CREATE TABLE categories (
    id INT PRIMARY KEY,
    name VARCHAR(100),
    parent_id INT,
    FOREIGN KEY (parent_id) REFERENCES categories(id)
);

INSERT INTO categories VALUES 
(1, 'Electronics', NULL),
(2, 'Laptops', 1),
(3, 'Gaming Laptops', 2),
(4, 'Workstation Laptops', 2),
(5, 'Smartphones', 1),
(6, 'Android', 5);

Querying the Tree with Recursive CTEs

If you wanted to find the full path for 'Gaming Laptops', you would previously need to know the depth of the tree beforehand. With a Recursive CTE, MySQL handles the recursion for you.

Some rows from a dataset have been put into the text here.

(* Let $G=\langle S\mid R\rangle$ be a finite group presentation. If $G$ is $k$-chordal with respect to $S$ for some $k$, then $\langle S\mid R\rangle$ admits a recursive isoperimetric function; consequently, $\langle S\mid R\rangle$ has solvable word problem.
   Context: $S$ and $R\subseteq F(S)$ are finite, $F(S)$ the free group on $S$, and $S^{\pm1}=S\cup S^{-1}\setminus\{e\}$. For $\omega\in F(S)$ representing the identity of $G$, its area $A(\omega)$ is the least $m$ such that $\omega=\prod_{i=1}^m u_ir_i^{\varepsilon_i}u_i^{-1}$ in $F(S)$ with $u_i\in F(S)$, $r_i\in R$, $\varepsilon_i\in\{\pm1\}$. The Dehn function is $\mathrm{Dehn}(n)=\max\{A(\omega):\omega\in\langle\langle R\rangle\rangle,\ |\omega|\le n\}$, where $\langle\langle R\rangle\rangle$ is the normal closure of $R$ in $F(S)$ and $|\omega|$ the word length. An isoperimetric function is a non-decreasing $f:\mathbb{N}\to\mathbb{R}$ with $\mathrm{Dehn}\le f$. A relation $s_1\cdots s_n=e$ in $G$ with $n>2$, $s_i\in S^{\pm1}$, is simple if $s_p\cdots s_q=e$ holds exactly when $(p,q)=(1,n)$. $G$ is $k$-chordal with respect to $S$ if for every simple relation $s_1\cdots s_n=e$ with $n\ge k$ there exist $1\le i<j\le n$ and $s'_1,\dots,s'_r\in S^{\pm1}$ with $s_i\cdots s_j=s'_1\cdots s'_r$ and $r\le\min\{j-i,\,n-j+i-2\}$. *)

From mathcomp Require Import all_boot.
Set Implicit Arguments. Unset Strict Implicit. Unset Printing Implicit Defensive.

(* A letter (s, b) denotes s if b = false and s^{-1} if b = true.       *)
Definition letter (S : finType) := (S * bool)%type.
Definition word (S : finType) := seq (letter S).

Definition inv_letter (S : finType) (x : letter S) : letter S := (x.1, ~~ x.2).
Definition inv_word (S : finType) (w : word S) : word S := rev (map (@inv_letter S) w).

Fixpoint reduce (S : finType) (w : word S) : word S :=
  match w with
  | [::] => [::]
  | x :: w' =>
      match reduce w' with
      | y :: r => if y == inv_letter x then r else x :: y :: r
      | [::] => [:: x]
      end
  end.

Definition free_eq (S : finType) (u v : word S) : Prop := reduce u = reduce v.

(* The product  prod_i u_i r_i^{eps_i} u_i^{-1}  for a list of triples
   (u_i, r_i, eps_i); eps = true means exponent -1. *)
Definition conj_prod (S : finType) (fs : seq (word S * word S * bool)) : word S :=
  flatten [seq let: (u, r, e) := t in u ++ (if e then inv_word r else r) ++ inv_word u
          | t <- fs].

Definition area_le (S : finType) (R : seq (word S)) (w : word S) (m : nat) : Prop :=
  exists fs : seq (word S * word S * bool),
    [/\ size fs <= m, all (fun t => t.1.2 \in R) fs & free_eq w (conj_prod fs)].

(* w lies in the normal closure <<R>> of R in F(S), i.e. w = e in G = <S|R>. *)
Definition in_ncl (S : finType) (R : seq (word S)) (w : word S) : Prop :=
  exists m, area_le R w m.

Definition G_eq (S : finType) (R : seq (word S)) (u v : word S) : Prop :=
  in_ncl R (u ++ inv_word v).

Definition isoperimetric (S : finType) (R : seq (word S)) (f : nat -> nat) : Prop :=
  {homo f : m n / m <= n} /\
  forall (n : nat) (w : word S), in_ncl R w -> size w <= n -> area_le R w (f n).

(* subword s p q = s_p ... s_q (1-indexed, 1 <= p <= q <= size s). *)
Definition subword (T : Type) (s : seq T) (p q : nat) : seq T :=
  take (q.+1 - p) (drop p.-1 s).

Definition simple_relation (S : finType) (R : seq (word S)) (s : word S) : Prop :=
  2 < size s /\
  forall p q, 1 <= p -> p <= q -> q <= size s ->
    (in_ncl R (subword s p q) <-> (p = 1 /\ q = size s)).

(* r <= min{j - i, n - j + i - 2} is written without truncated subtraction. *)
Definition k_chordal (S : finType) (R : seq (word S)) (k : nat) : Prop :=
  forall s : word S, simple_relation R s -> k <= size s ->
    exists i j (s' : word S),
      [/\ 1 <= i, i < j & j <= size s] /\
      [/\ size s' + i <= j, size s' + j + 2 <= size s + i
        & G_eq R (subword s i j) s'].

Inductive code : Type :=
| cZero : code
| cSucc : code
| cProj : nat -> code
| cComp : code -> seq code -> code
| cPrimRec : code -> code -> code
| cMu : code -> code.

Inductive eval : code -> seq nat -> nat -> Prop :=
| evZero xs : eval cZero xs 0
| evSucc x xs : eval cSucc (x :: xs) x.+1
| evProj i xs : i < size xs -> eval (cProj i) xs (nth 0 xs i)
| evComp f gs xs ys y : evals gs xs ys -> eval f ys y -> eval (cComp f gs) xs y
| evRec0 g h xs y : eval g xs y -> eval (cPrimRec g h) (0 :: xs) y
| evRecS g h n xs y z : eval (cPrimRec g h) (n :: xs) y ->
    eval h (n :: y :: xs) z -> eval (cPrimRec g h) (n.+1 :: xs) z
| evMu f xs n : eval f (n :: xs) 0 ->
    (forall m, m < n -> exists v, 0 < v /\ eval f (m :: xs) v) ->
    eval (cMu f) xs n
with evals : seq code -> seq nat -> seq nat -> Prop :=
| evsNil xs : evals [::] xs [::]
| evsCons g gs xs y ys : eval g xs y -> evals gs xs ys -> evals (g :: gs) xs (y :: ys).

Definition recursive_fun (f : nat -> nat) : Prop :=
  exists c : code, forall n, eval c [:: n] (f n).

A recursive CTE consists of two parts: the anchor member (the starting point) and the recursive member (the logic that finds the next level).

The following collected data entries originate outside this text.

Section Secants.
Variable F : finFieldType.
Implicit Types (x : point F) (L M : line F) (A B : {set point F}).

Lemma secant_multE A x :
  secant_mult A x = (\sum_(L | incident x L) 'C(#|pts L :&: A|, 2))%N.
Proof.
rewrite /secant_mult big_mkcondr; apply: eq_bigr => L _.
by case: leqP => // h; rewrite bin_small.
Qed.

Lemma secant_mult_ge2 A x L1 L2 : L1 != L2 -> incident x L1 -> incident x L2 ->
  (2 <= #|pts L1 :&: A|)%N -> (2 <= #|pts L2 :&: A|)%N -> (2 <= secant_mult A x)%N.
Proof.
move=> L12 xL1 xL2 c1 c2; rewrite secant_multE (bigD1 L1) // (bigD1 L2) /=; last first.
  by rewrite xL2 eq_sym.
rewrite -[2%N]/(1 + 1)%N; apply: leq_add; first by rewrite bin_gt0.
by apply: leq_trans (leq_addr _ _); rewrite bin_gt0.
Qed.

Lemma secant_mult_ge2_rich A x L : incident x L ->
  (3 <= #|pts L :&: A|)%N -> (2 <= secant_mult A x)%N.
Proof.
move=> xL c; rewrite secant_multE (bigD1 L) //=.
by apply: leq_trans (leq_addr _ _); apply: leq_trans (leq_bin2l 2 c).
Qed.

Lemma secant_mult_le1 B x L0 : incident x L0 ->
  (forall L, incident x L -> (2 <= #|pts L :&: B|)%N -> L = L0) ->
  (#|pts L0 :&: B| <= 2)%N -> (secant_mult B x <= 1)%N.
Proof.
move=> xL0 uniqL0 c0; rewrite secant_multE (bigD1 L0) //= big1 ?addn0.
  exact: leq_bin2l 2 c0.
move=> L /andP [xL LL0]; apply: bin_small; rewrite ltnNge; apply/negP => c.
by move/eqP: LL0; apply; apply: uniqL0.
Qed.

Lemma off_lines_notin B l m x : B \subset pts l :|: pts m ->
  ~~ incident x l -> ~~ incident x m -> x \notin B.
Proof.
move=> sB xl xm; apply/negP => /(subsetP sB).
by rewrite !inE (negbTE xl) (negbTE xm).
Qed.

(* A line through [x] meets [l] and [m] once each, so it carries at most one point of
   [B] on each of them. *)
Lemma secant_mult_le1_off_lines B l m L0 x : l != m -> ~~ incident x l -> ~~ incident x m ->
  B \subset pts l :|: pts m -> incident x L0 ->
  (forall L b b', incident x L -> b \in B -> b' \in B ->
      incident b L -> incident b' L -> incident b m -> incident b' l -> L = L0) ->
  (secant_mult B x <= 1)%N.
Proof.
move=> lm xl xm sB xL0 joinL0.
have neq_l L : incident x L -> L != l by move=> xL; apply: contraNneq xl => <-.
have neq_m L : incident x L -> L != m by move=> xL; apply: contraNneq xm => <-.
apply: (secant_mult_le1 xL0).
  move=> L xL /card_gt1P [b1 [b2 []]].
  rewrite !inE => /andP [b1L b1B] /andP [b2L b2B] b12.
  have := subsetP sB _ b1B; have := subsetP sB _ b2B; rewrite !inE.
  case/orP => b2lm; case/orP => b1lm.
  - by case/eqP: (neq_l L xL); apply: (incident_line_uniq b12).
  - exact: (joinL0 L b1 b2).
  - exact: (joinL0 L b2 b1).
  - by case/eqP: (neq_m L xL); apply: (incident_line_uniq b12).
have -> : pts L0 :&: B = pts L0 :&: B :&: (pts l :|: pts m).
  by apply/esym/setIidPl; apply: subset_trans sB; apply: subsetIr.
rewrite setIUr; apply: leq_trans (leq_card_setU _ _) _.
rewrite -[2%N]/(1 + 1)%N; apply: leq_add.
- apply: leq_trans (card_ptsI_le1 (neq_l _ xL0)).
  by apply/subset_leq_card/setSI/subsetIl.
- apply: leq_trans (card_ptsI_le1 (neq_m _ xL0)).
  by apply/subset_leq_card/setSI/subsetIl.
Qed.

Lemma not_saturating2_of_point B x : x \notin B -> (secant_mult B x <= 1)%N -> ~ saturating 2 B.
Proof. by move=> xB x1 [_ _ /(_ x xB)]; rewrite leqNgt ltnS x1. Qed.

End Secants.

Section Deletion.
Variables (F : finFieldType) (l m : line F) (B : {set point F}).
Hypotheses (lm : l != m) (sB : B \subset pts l :|: pts m).

(* The witness is a point [x] of the line [UQ]: its join with [U] meets [l] only in
   [Q], so the join with [V] is its only secant. *)
Lemma not_saturating_two_on_m Q U V :
  incident Q l -> ~~ incident Q m -> incident U m -> ~~ incident U l -> incident V m ->
  Q \notin B -> (forall b, b \in B -> incident b m -> b = U \/ b = V) ->
  ~ saturating 2 B.
Proof.
move=> Ql Qm Um Ul Vm QB Bm.
have UQ : U != Q by apply: contraNneq Ul => ->.
have [LU /andP [ULU QLU]] := exists_line_incident UQ.
have [x /and3P [xLU xU xQ]] := exists_point_incident_neq2 LU U Q.
have xl : ~~ incident x l.
  by apply: contraNN Ul => xl; rewrite -(incident_line_uniq xQ xLU QLU xl Ql).
have xm : ~~ incident x m.
  by apply: contraNN Qm => xm; rewrite -(incident_line_uniq xU xLU ULU xm Um).
have xV : x != V by apply: contraNneq xm => ->.
have [L0 /andP [xL0 VL0]] := exists_line_incident xV.
apply: (not_saturating2_of_point (off_lines_notin sB xl xm)).
apply: (secant_mult_le1_off_lines lm xl xm sB xL0) => L b b' xL bB b'B bL b'L bm b'l.
case: (Bm b bB bm) => eb; subst b; last exact: (incident_line_uniq xV).
have LUl : LU != l by apply: contraNneq Ul => <-.
rewrite (incident_line_uniq xU xL bL xLU ULU) in b'L.
by move: b'B; rewrite (incident_point_uniq LUl b'L b'l QLU Ql) (negbTE QB).
Qed.

(* The witness is the meet [x] of [YR] and [QS]: its joins with [R] and [S] meet [l]
   in [Y] and [Q], so the join with [T] is its only secant. *)
Lemma not_saturating_hole_on_l Q Y R S T :
  incident Q l -> ~~ incident Q m -> incident Y l -> ~~ incident Y m -> Y != Q ->
  incident R m -> incident S m -> ~~ incident R l -> ~~ incident S l -> R != S ->
  incident T m -> Q \notin B -> Y \notin B ->
  (forall b, b \in B -> incident b m -> [\/ b = R, b = S | b = T]) ->
  ~ saturating 2 B.
Proof.
move=> Ql Qm Yl Ym YQ Rm Sm Rl Sl RS Tm QB YB Bm.
have YR : Y != R by apply: contraNneq Rl => <-.
have QS : Q != S by apply: contraNneq Sl => <-.
have [L1 /andP [YL1 RL1]] := exists_line_incident YR.
have [L2 /andP [QL2 SL2]] := exists_line_incident QS.
have L1l : L1 != l by apply: contraNneq Rl => <-.
have L2l : L2 != l by apply: contraNneq Sl => <-.
have L1m : L1 != m by apply: contraNneq Ym => <-.
have L2m : L2 != m by apply: contraNneq Qm => <-.
have L12 : L1 != L2.
  by apply: contraNneq L1l => L12; apply/eqP/(incident_line_uniq YQ YL1 _ Yl Ql); rewrite L12.
have [x /andP [xL1 xL2]] := exists_point_incident L12.
have xl : ~~ incident x l.
  apply: contraNN YQ => xl; apply/eqP.
  by rewrite -(incident_point_uniq L1l xL1 xl YL1 Yl) (incident_point_uniq L2l xL2 xl QL2 Ql).
have xm : ~~ incident x m.
  apply: contraNN RS => xm; apply/eqP.
  by rewrite -(incident_point_uniq L1m xL1 xm RL1 Rm) (incident_point_uniq L2m xL2 xm SL2 Sm).
have xR : x != R by apply: contraNneq xm => ->.
have xS : x != S by apply: contraNneq xm => ->.
have xT : x != T by apply: contraNneq xm => ->.
have [L0 /andP [xL0 TL0]] := exists_line_incident xT.
apply: (not_saturating2_of_point (off_lines_notin sB xl xm)).
apply: (secant_mult_le1_off_lines lm xl xm sB xL0) => L b b' xL bB b'B bL b'L bm b'l.
case: (Bm b bB bm) => eb; subst b.
- rewrite (incident_line_uniq xR xL bL xL1 RL1) in b'L.
  by move: b'B; rewrite (incident_point_uniq L1l b'L b'l YL1 Yl) (negbTE YB).
- rewrite (incident_line_uniq xS xL bL xL2 SL2) in b'L.
  by move: b'B; rewrite (incident_point_uniq L2l b'L b'l QL2 Ql) (negbTE QB).
- exact: (incident_line_uniq xT).
Qed.

End Deletion.

Section Configuration.
Variables (F : finFieldType) (l m : line F) (P Q R S T : point F).
Hypotheses (q4 : (4 <= #|F|)%N) (lm : l != m) (Pl : incident P l) (Pm : incident P m)
  (Ql : incident Q l) (QP : Q != P) (Rm : incident R m) (Sm : incident S m)
  (Tm : incident T m) (RP : R != P) (SP : S != P) (TP : T != P)
  (RS : R != S) (RT : R != T) (ST : S != T).

Local Notation A := ((pts l :\: [set P; Q]) :|: [set R; S; T]).

Let Rl : ~~ incident R l := incident_meetN lm Pl Pm Rm RP.
Let Sl : ~~ incident S l := incident_meetN lm Pl Pm Sm SP.
Let Tl : ~~ incident T l := incident_meetN lm Pl Pm Tm TP.
Let ml : m != l. Proof. by rewrite eq_sym. Qed.
Let Qm : ~~ incident Q m := incident_meetN ml Pm Pl Ql QP.

Lemma mem_A y :
  (y \in A) = [&& y != P, y != Q & incident y l] || [|| y == R, y == S | y == T].
Proof. by rewrite !inE negb_or -andbA -orbA. Qed.

Lemma Q_notin_A : Q \notin A.
Proof.
rewrite mem_A eqxx andbF /=.
by apply/or3P => -[] /eqP Qe; [move: Rl | move: Sl | move: Tl]; rewrite -Qe Ql.
Qed.

Lemma P_notin_A : P \notin A.
Proof. by rewrite mem_A eqxx /= ![P == _]eq_sym (negbTE RP) (negbTE SP) (negbTE TP). Qed.

Lemma A_sub_lines : A \subset pts l :|: pts m.
Proof.
apply/subsetP => y; rewrite mem_A !inE => /orP [/and3P [_ _ ->] //|].
by case/or3P => /eqP ->; rewrite ?Rm ?Sm ?Tm orbT.
Qed.

Lemma A_on_m b : b \in A -> incident b m -> [\/ b = R, b = S | b = T].
Proof.
rewrite mem_A => /orP [/and3P [bP _ bl] bm|].
  by case/eqP: bP; apply: (incident_point_uniq lm).
by case/or3P => /eqP ->; [constructor 1 | constructor 2 | constructor 3].
Qed.

Lemma card_A_l : #|pts l :\: [set P; Q]| = (#|F| - 1)%N.
Proof.
have PQl : [set P; Q] \subset pts l.
  by apply/subsetP => y; rewrite !inE => /orP [] /eqP ->.
by rewrite cardsD (setIidPr PQl) card_pts cards2 eq_sym QP addn1 subSS subn1.
Qed.

Lemma card_RST : #|[set R; S; T]| = 3%N.
Proof. by rewrite -setUA cardsU1 cards2 ST !inE negb_or RS RT. Qed.

Lemma card_A : #|A| = (#|F| + 2)%N.
Proof.
have disj : (pts l :\: [set P; Q]) :&: [set R; S; T] = set0.
  apply/setP => y; rewrite !inE -orbA; apply/negP => /andP [/andP [_ yl]].
  by case/or3P => /eqP ye; move: yl; rewrite ye ?(negbTE Rl) ?(negbTE Sl) ?(negbTE Tl).
rewrite cardsU disj cards0 subn0 card_A_l card_RST -[3%N]/(1 + 2)%N addnA.
by rewrite subnK // ltnW // card_finNzRing_gt1.
Qed.

Lemma spans_A : spans A.
Proof.
have [Y1 [Y2 [Y1A Y2A Y12]]] : exists Y1 Y2,
    [/\ Y1 \in pts l :\: [set P; Q], Y2 \in pts l :\: [set P; Q] & Y1 != Y2].
  by apply/card_gt1P; rewrite card_A_l ltn_subRL (leq_trans _ q4).
apply: (spans_of_noncollinear (L := l) (R := R) _ _ _ Y12) => //.
- by rewrite inE Y1A.
- by rewrite inE Y2A.
- by rewrite mem_A eqxx orbT.
- by move: Y1A; rewrite !inE => /andP [].
- by move: Y2A; rewrite !inE => /andP [].
Qed.

Lemma secant_of_join x U L : ~~ incident x m -> incident x L ->
  U \in A -> incident U m -> incident U L -> ~~ incident Q L -> (2 <= #|pts L :&: A|)%N.
Proof.
move=> xm xL UA Um UL QL.
have UP : U != P by apply: contraTneq UA => ->; exact: P_notin_A.
have Ul := incident_meetN lm Pl Pm Um UP.
have Ll : L != l by apply: contraNneq Ul => <-.
have [Y /andP [YL Yl]] := exists_point_incident Ll.
have YP : Y != P.
  apply: contraNneq xm => YP; rewrite YP in YL.
  by rewrite -(incident_line_uniq UP UL YL Um Pm).
have YQ : Y != Q by apply: contraNneq QL => <-.
apply/card_gt1P; exists U, Y; split.
- by rewrite in_setI [U \in pts L]inE UL UA.
- by rewrite in_setI [Y \in pts L]inE YL mem_A YP YQ Yl.
- by apply: contraNneq Ul => ->.
Qed.

Lemma secant_mult_A_off_lines x : ~~ incident x l -> ~~ incident x m ->
  (2 <= secant_mult A x)%N.
Proof.
move=> xl xm.
have xQ : x != Q by apply: contraNneq xl => ->.
have join U : incident U m -> exists2 L, incident x L & incident U L.
  move=> Um; have xU : x != U by apply: contraNneq xm => ->.
  by have [L /andP [xL UL]] := exists_line_incident xU; exists L.
have joins_neq U V LU LV : incident U m -> incident V m -> U != V ->
    incident x LU -> incident U LU -> incident x LV -> incident V LV -> LU != LV.
  move=> Um Vm UV xLU ULU xLV VLV; apply: contraNneq xm => LUV.
  by rewrite -(incident_line_uniq UV ULU _ Um Vm) // LUV.
have Q_once LU LV : LU != LV -> incident x LU -> incident x LV ->
    incident Q LU -> ~~ incident Q LV.
  by move=> LUV xLU xLV QLU; apply: contraNN LUV => QLV; apply/eqP/(incident_line_uniq xQ).
have RA : R \in A by rewrite mem_A eqxx !orbT.
have SA : S \in A by rewrite mem_A eqxx !orbT.
have TA : T \in A by rewrite mem_A eqxx !orbT.
have [LR xLR RLR] := join R Rm; have [LS xLS SLS] := join S Sm.
have [LT xLT TLT] := join T Tm.
have RSn := joins_neq _ _ _ _ Rm Sm RS xLR RLR xLS SLS.
have RTn := joins_neq _ _ _ _ Rm Tm RT xLR RLR xLT TLT.
have STn := joins_neq _ _ _ _ Sm Tm ST xLS SLS xLT TLT.
have sec := secant_of_join xm.
have [QLR|QLR] := boolP (incident Q LR).
  apply: (secant_mult_ge2 STn xLS xLT).
  - exact: (sec _ _ xLS SA Sm SLS (Q_once _ _ RSn xLR xLS QLR)).
  - exact: (sec _ _ xLT TA Tm TLT (Q_once _ _ RTn xLR xLT QLR)).
have [QLS|QLS] := boolP (incident Q LS).
  apply: (secant_mult_ge2 RTn xLR xLT); first exact: (sec _ _ xLR RA Rm RLR QLR).
  exact: (sec _ _ xLT TA Tm TLT (Q_once _ _ STn xLS xLT QLS)).
apply: (secant_mult_ge2 RSn xLR xLS); first exact: (sec _ _ xLR RA Rm RLR QLR).
exact: (sec _ _ xLS SA Sm SLS QLS).
Qed.

Lemma saturating_A : saturating 2 A.
Proof.
split; [exact: spans_A | by apply: contraNneq P_notin_A => ->; rewrite inE |].
move=> x xA; have [xm|xm] := boolP (incident x m).
  apply: (secant_mult_ge2_rich xm); rewrite -card_RST subset_leq_card //.
  apply/subsetP => y yRST; rewrite in_setI in_setU yRST orbT andbT inE.
  by move: yRST; rewrite !inE -orbA => /or3P [] /eqP ->.
have [xl|xl] := boolP (incident x l); last exact: secant_mult_A_off_lines.
apply: (secant_mult_ge2_rich xl).
have : (3 <= #|pts l :\: [set P; Q]|)%N by rewrite card_A_l ltn_subRL.
move/leq_trans; apply; apply/subset_leq_card/subsetP => y yl.
by rewrite in_setI in_setU yl; move: yl; rewrite !inE => /andP [_ ->].
Qed.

Here is how to generate a full breadcrumb path for every category:

WITH RECURSIVE category_path (id, name, path) AS (
    -- Anchor member: Start with top-level nodes
    SELECT id, name, CAST(name AS CHAR(255))
    FROM categories
    WHERE parent_id IS NULL
    
    UNION ALL
    
    -- Recursive member: Join the CTE back to the table
    SELECT c.id, c.name, CONCAT(cp.path, ' > ', c.name)
    FROM category_path cp
    JOIN categories c ON cp.id = c.parent_id
)
SELECT * FROM category_path ORDER BY path;

Why This Matters

Using Recursive CTEs offers several advantages over older methods like Nested Sets or Materialized Paths:

  • Data Integrity: You only need a simple parent_id column, making inserts and moves very easy.
  • Readability: The logic of the traversal is contained within the SQL query rather than scattered across application code.
  • Performance: MySQL optimizes these recursions, making them significantly faster than multiple individual queries for each level.

Calculating Depth

Sometimes you need to know how deep an item is in the hierarchy (e.g., for styling indentation). You can easily add a level counter to your CTE:

WITH RECURSIVE category_depth AS (
    SELECT id, name, 0 AS level
    FROM categories
    WHERE parent_id IS NULL
    
    UNION ALL
    
    SELECT c.id, c.name, cd.level + 1
    FROM category_depth cd
    JOIN categories c ON cd.id = c.parent_id
)
SELECT * FROM category_depth;

This approach allows you to scale your hierarchy to any depth without changing your database schema or writing complex loops in your backend language. It is a robust solution for any developer working with relational data that isn't strictly flat.